In a classic example of the way in which earnest money is used, Party A agrees to buy a house from Party B. The two parties work out the purchase price, and they agree on a contract and sign it together. At the signing, Party A provides some amount of money, which is held by a broker. Once all of the financing and other issues have been dealt with, that money is bundled into the down payment, and Party A takes possession of the house.
From a buyer's point of view, this payment — along with a contract — indicates that he or she really does intend to buy the house. Once a contract has been signed, the seller isn't supposed to sell the house to someone else, but the seller might back out if a better deal comes up, even with the risk of potential penalties. When earnest money is involved, backing out becomes harder. For sellers, the money is a form of insurance, because most people are unwilling to walk away from their payment.

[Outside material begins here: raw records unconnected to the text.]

Lemma lipschitz_plus : lipschitz (fun p => e1 p + e2 p).
Proof.
  destruct H1 as [L1 [HL1 K1]], H2 as [L2 [HL2 K2]]; exists (L1 + L2); split; [lra|].
  intros p q; specialize (K1 p q); specialize (K2 p q).
  pose proof (Rabs_triang (e1 q - e1 p) (e2 q - e2 p)).
  replace (e1 q + e2 q - (e1 p + e2 p)) with (e1 q - e1 p + (e2 q - e2 p)) by ring; lra.
Qed.

Lemma lipschitz_min : lipschitz (fun p => Rmin (e1 p) (e2 p)).
Proof.
  destruct H1 as [L1 [HL1 K1]], H2 as [L2 [HL2 K2]]; exists (L1 + L2); split; [lra|].
  intros p q; specialize (K1 p q); specialize (K2 p q).
  pose proof (bound_nonneg p q HL1); pose proof (bound_nonneg p q HL2).
  revert K1 K2; unfold Rabs; repeat destruct Rcase_abs; lra_minmax.
Qed.

Lemma lipschitz_max : lipschitz (fun p => Rmax (e1 p) (e2 p)).
Proof.
  destruct H1 as [L1 [HL1 K1]], H2 as [L2 [HL2 K2]]; exists (L1 + L2); split; [lra|].
  intros p q; specialize (K1 p q); specialize (K2 p q).
  pose proof (bound_nonneg p q HL1); pose proof (bound_nonneg p q HL2).
  revert K1 K2; unfold Rabs; repeat destruct Rcase_abs; lra_minmax.
Qed.

Lemma lipschitz_scal c : lipschitz (fun p => c * e1 p).
Proof.
  destruct H1 as [L [HL K]]; exists ((Rabs c + 1) * L); split.
  - pose proof (Rabs_pos c); nra.
  - intros p q; replace (c * e1 q - c * e1 p) with (c * (e1 q - e1 p)) by ring.
    rewrite Rabs_mult; specialize (K p q); pose proof (Rabs_pos c);
    pose proof (Rabs_pos (e1 q - e1 p)); pose proof (bound_nonneg p q HL); nra.
Qed.

End LipschitzClosure.

Lemma lipschitz_const c : lipschitz (fun _ => c).
Proof.
  exists 1; split; [lra|]; intros p q; rewrite Rminus_diag, Rabs_R0.
  pose proof (Rabs_pos (ival (fst q) - ival (fst p)));
  pose proof (Rabs_pos (ival (snd q) - ival (snd p))); lra.
Qed.

Lemma lipschitz_fst : lipschitz (fun p => ival (fst p)).
Proof.
  exists 1; split; [lra|]; intros p q; pose proof (Rabs_pos (ival (snd q) - ival (snd p))); lra.
Qed.

Lemma lipschitz_snd : lipschitz (fun p => ival (snd p)).
Proof.
  exists 1; split; [lra|]; intros p q; pose proof (Rabs_pos (ival (fst q) - ival (fst p))); lra.
Qed.

Lemma lipschitz_minus e1 e2 : lipschitz e1 -> lipschitz e2 -> lipschitz (fun p => e1 p - e2 p).
Proof.
  intros H1 H2.
  replace (fun p => e1 p - e2 p) with (fun p => e1 p + -1 * e2 p)
    by (apply functional_extensionality; intros; ring).
  apply lipschitz_plus; [exact H1|apply lipschitz_scal, H2].
Qed.

Ltac solve_lipschitz :=
  repeat first [ apply lipschitz_minus | apply lipschitz_plus | apply lipschitz_scal
               | apply lipschitz_min | apply lipschitz_max | apply lipschitz_fst
               | apply lipschitz_snd | apply lipschitz_const ].

Lemma nbhd2_lipschitz_ball {e : I * I -> R} p {d} : lipschitz e -> 0 < d ->
  nbhd2 p (fun q => Rabs (e q - e p) < d).
Proof.
  intros [L [HL K]] Hd.
  assert (Hr : 0 < d / (2 * L)) by (apply Rdiv_lt_0_compat; lra).
  apply (nbhd2_mono (nbhd2_ball p Hr)).
  intros q [Hq1 Hq2]; specialize (K p q).
  assert (Hsum : Rabs (ival (fst q) - ival (fst p)) + Rabs (ival (snd q) - ival (snd p)) < d / L).
  { replace (d / L) with (d / (2 * L) + d / (2 * L)) by (field; lra); lra. }
  apply (Rmult_lt_compat_l L) in Hsum; [|lra].
  replace (L * (d / L)) with d in Hsum by (field; lra); lra.
Qed.

Lemma nbhd2_lt {e : I * I -> R} {p c} : lipschitz e -> e p < c -> nbhd2 p (fun q => e q < c).
Proof.
  intros He Hp; apply (nbhd2_mono (nbhd2_lipschitz_ball p He (proj2 (Rlt_0_minus _ _) Hp))).
  intros q; unfold Rabs; destruct Rcase_abs; lra.
Qed.

Lemma nbhd2_gt {e : I * I -> R} {p c} : lipschitz e -> c < e p -> nbhd2 p (fun q => c < e q).
Proof.
  intros He Hp; apply (nbhd2_mono (nbhd2_lipschitz_ball p He (proj2 (Rlt_0_minus _ _) Hp))).
  intros q; unfold Rabs; destruct Rcase_abs; lra.
Qed.

Lemma continuous_clampI_lipschitz {e : I * I -> R} :
  lipschitz e -> continuous prodII I_top (fun p => clampI (e p)).
Proof.
  intros He V HV p Vp; destruct (HV _ Vp) as [d [Hd K]].
  change (nbhd2 p (fun q => V (clampI (e q)))).
  apply (nbhd2_mono (nbhd2_lipschitz_ball p He Hd)).
  intros q Hq; apply K; eapply Rle_lt_trans; [apply clampI_lipschitz|exact Hq].
Qed.

Lemma continuous_fst : continuous prodII I_top (@fst I I).
Proof.
  intros V HV p Vp; exists V, (fun _ => True); repeat split; auto.
  intros t _; exists 1; split; auto; lra.
Qed.

Lemma continuous_snd : continuous prodII I_top (@snd I I).
Proof.
  intros V HV p Vp; exists (fun _ => True), V; repeat split; auto.
  intros t _; exists 1; split; auto; lra.
Qed.

Lemma continuous_pair {g1 g2 : I * I -> I} :
  continuous prodII I_top g1 -> continuous prodII I_top g2 ->
  continuous prodII prodII (fun p => (g1 p, g2 p)).
Proof.
  intros H1 H2 W HW p Wp.
  destruct (HW _ Wp) as [U [V [HU [HV [Up [Vp K]]]]]].
  change (nbhd2 p (fun q => W (g1 q, g2 q))).
  apply (nbhd2_mono (nbhd2_inter (H1 U HU p Up) (H2 V HV p Vp))).
  intros q []; apply K; auto.
Qed.

Lemma continuous_diag : continuous I_top prodII (fun s => (s, s)).
Proof.
  intros W HW s Ws; destruct (HW _ Ws) as [U [V [HU [HV [Us [Vs K]]]]]].
  destruct (I_top_inter HU HV s (conj Us Vs)) as [d [Hd Kd]].
  exists d; split; auto; intros t Ht; destruct (Kd t Ht); auto.
Qed.

Lemma continuous_paste (X : Type) (op : topology X) (g1 g2 : I * I -> X)
  (r : I * I -> R) c :
  lipschitz r -> continuous prodII op g1 -> continuous prodII op g2 ->
  (forall p, r p = c -> g1 p = g2 p) ->
  continuous prodII op (fun p => if Rle_dec (r p) c then g1 p else g2 p).
Proof.
  intros Hr H1 H2 E V HV p Vp.
  change (nbhd2 p (fun q => V (if Rle_dec (r q) c then g1 q else g2 q))).
  destruct (Rle_dec (r p) c) as [Hle|Hgt].
  - destruct (Rle_lt_or_eq_dec _ _ Hle) as [Hlt|Heq].
    + apply (nbhd2_mono (nbhd2_inter (H1 V HV p Vp) (nbhd2_lt Hr Hlt))).
      intros q [Vq Hq]; destruct Rle_dec; auto; lra.
    + assert (Vp2 : V (g2 p)) by (rewrite <- E; auto).
      apply (nbhd2_mono (nbhd2_inter (H1 V HV p Vp) (H2 V HV p Vp2))).
      intros q [Vq1 Vq2]; destruct Rle_dec; auto.
  - apply (nbhd2_mono (nbhd2_inter (H2 V HV p Vp) (nbhd2_gt Hr (Rnot_le_lt _ _ Hgt)))).
    intros q [Vq Hq]; destruct Rle_dec; auto; lra.
Qed.

Lemma continuous_clampI_lipschitz1 {f : I -> R} :
  lipschitz (fun p => f (fst p)) -> continuous I_top I_top (fun s => clampI (f s)).
Proof. intros Hf; exact (continuous_comp continuous_diag (continuous_clampI_lipschitz Hf)). Qed.

(** * Loops and path homotopies *)

Lemma concat_l {X : Type} (f g : I -> X) (s : I) :
  ival s <= 1/2 -> concat f g s = f (clampI (2 * ival s)).
Proof. intros; unfold concat; destruct Rle_dec; [auto|lra]. Qed.

Lemma concat_r {X : Type} (f g : I -> X) (s : I) :
  1/2 < ival s -> concat f g s = g (clampI (2 * ival s - 1)).
Proof. intros; unfold concat; destruct Rle_dec; [lra|auto]. Qed.

Lemma concat_clampI_l {X : Type} (f g : I -> X) u :
  0 <= u <= 1/2 -> concat f g (clampI u) = f (clampI (2 * u)).
Proof.
  intros Hu; assert (E : ival (clampI u) = u) by (apply ival_clampI; lra).
  rewrite concat_l, E; [reflexivity|lra].
Qed.

Lemma concat_clampI_r {X : Type} (f g : I -> X) u :
  1/2 < u <= 1 -> concat f g (clampI u) = g (clampI (2 * u - 1)).
Proof.
  intros Hu; assert (E : ival (clampI u) = u) by (apply ival_clampI; lra).
  rewrite concat_r, E; [reflexivity|lra].
Qed.

Section Loops.
Context {X : Type} {op : topology X} {x0 : X}.

Lemma loop_continuous (a : Omega op x0) : continuous I_top op (proj1_sig a).
Proof. exact (proj1 (proj2_sig a)). Qed.

Lemma loop_0 (a : Omega op x0) : proj1_sig a i0 = x0.
Proof. exact (proj1 (proj2 (proj2_sig a))). Qed.

Lemma loop_1 (a : Omega op x0) : proj1_sig a i1 = x0.
Proof. exact (proj2 (proj2 (proj2_sig a))). Qed.

Lemma loop_clampI_le0 (a : Omega op x0) u : u <= 0 -> proj1_sig a (clampI u) = x0.
Proof. intros; rewrite clampI_le0 by lra; apply loop_0. Qed.

Lemma loop_clampI_ge1 (a : Omega op x0) u : 1 <= u -> proj1_sig a (clampI u) = x0.
Proof. intros; rewrite clampI_ge1 by lra; apply loop_1. Qed.

Lemma continuous_loop_clampI (f : I -> X) (e : I * I -> R) :
  continuous I_top op f -> lipschitz e ->
  continuous prodII op (fun p => f (clampI (e p))).
Proof. intros Hf He; exact (continuous_comp (continuous_clampI_lipschitz He) Hf). Qed.

Lemma continuous_reparam_fst (H : I * I -> X) (e : I * I -> R) :
  continuous prodII op H -> lipschitz e ->
  continuous prodII op (fun p => H (clampI (e p), snd p)).
Proof.
  intros HH He.
  exact (continuous_comp (continuous_pair (continuous_clampI_lipschitz He) continuous_snd) HH).
Qed.

Lemma continuous_reparam_snd (H : I * I -> X) (e : I * I -> R) :
  continuous prodII op H -> lipschitz e ->
  continuous prodII op (fun p => H (fst p, clampI (e p))).
Proof.
  intros HH He.
  exact (continuous_comp (continuous_pair continuous_fst (continuous_clampI_lipschitz He)) HH).
Qed.

Lemma concat_is_loop f g : is_loop op x0 f -> is_loop op x0 g -> is_loop op x0 (concat f g).
Proof.
  intros [Cf [f0 f1]] [Cg [g0 g1]]; split; [|split].
  - apply (continuous_comp continuous_diag
             (g := fun p => if Rle_dec (ival (fst p)) (1/2)
                            then f (clampI (2 * ival (fst p)))
                            else g (clampI (2 * ival (fst p) - 1)))).
    apply continuous_paste; try apply continuous_loop_clampI; auto; solve_lipschitz.
    intros p Hp; rewrite Hp, clampI_ge1, clampI_le0 by lra; congruence.
  - unfold concat; simpl; destruct Rle_dec; [|lra]; rewrite clampI_le0 by lra; auto.
  - unfold concat; simpl; destruct Rle_dec; [lra|]; rewrite clampI_ge1 by lra; auto.
Qed.

Lemma rev_path_is_loop f : is_loop op x0 f -> is_loop op x0 (rev_path f).
Proof.
  intros [Cf [f0 f1]]; split; [|split].
  - assert (Hl : lipschitz (fun p => 1 - ival (fst p))) by solve_lipschitz.
    exact (continuous_comp (continuous_clampI_lipschitz1 Hl) Cf).
  - unfold rev_path; simpl; rewrite clampI_ge1 by lra; auto.
  - unfold rev_path; simpl; rewrite clampI_le0 by lra; auto.
Qed.

Lemma loop_of_val f : is_loop op x0 f -> proj1_sig (loop_of op x0 f) = f.
Proof.
  intros H; unfold loop_of; destruct excluded_middle_informative; [reflexivity|contradiction].
Qed.

Definition loop_mul (a b : Omega op x0) : Omega op x0 :=
  loop_of op x0 (concat (proj1_sig a) (proj1_sig b)).
Definition loop_rev (a : Omega op x0) : Omega op x0 :=
  loop_of op x0 (rev_path (proj1_sig a)).

Lemma loop_mul_val (a b : Omega op x0) :
  proj1_sig (loop_mul a b) = concat (proj1_sig a) (proj1_sig b).
Proof. apply loop_of_val, concat_is_loop; apply proj2_sig. Qed.

Lemma loop_rev_val (a : Omega op x0) : proj1_sig (loop_rev a) = rev_path (proj1_sig a).
Proof. apply loop_of_val, rev_path_is_loop; apply proj2_sig. Qed.

Lemma homotopic_refl (a : Omega op x0) : homotopic a a.
Proof.
  exists (fun p => proj1_sig a (fst p)); repeat split.
  - exact (continuous_comp continuous_fst (loop_continuous a)).
  - apply loop_0.
  - apply loop_1.
Qed.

The value of earnest money associated with a purchase agreement varies. In some communities, people exchange a dollar, or a similarly low unit of currency, as a symbolic act. In other instances, people may be expected to put up 3% of the value of the contract. In all cases, the terms surrounding the money are spelled out in the contract — not just the amount that will be paid, but what will happen to that money if it is paid but the deal subsequently falls through. Buyers, for example, might want a refund clause in the event that they cannot get financing, while sellers may desire a forfeit clause so that if buyers walk away for a petty reason, the seller gets to hold on to that payment as compensation for his or her time.
The money is usually handled by a real estate agent or broker. It's generally unwise to issue it directly to the seller or to an unreliable third party, and real estate agents are usually happy to handle the payments. Buyers and sellers should be aware that money can potentially sit in escrow for a long time if the deal falls apart and the terms of the contract are unclear, and it may take a trip to court to release the money.
In some cultures, earnest money is known as lucky money and, by tradition, the seller gives it back to the buyer when the down payment is provided. The return of the funds is supposed to provide good luck in future endeavors and to foster good will between the buyer and seller.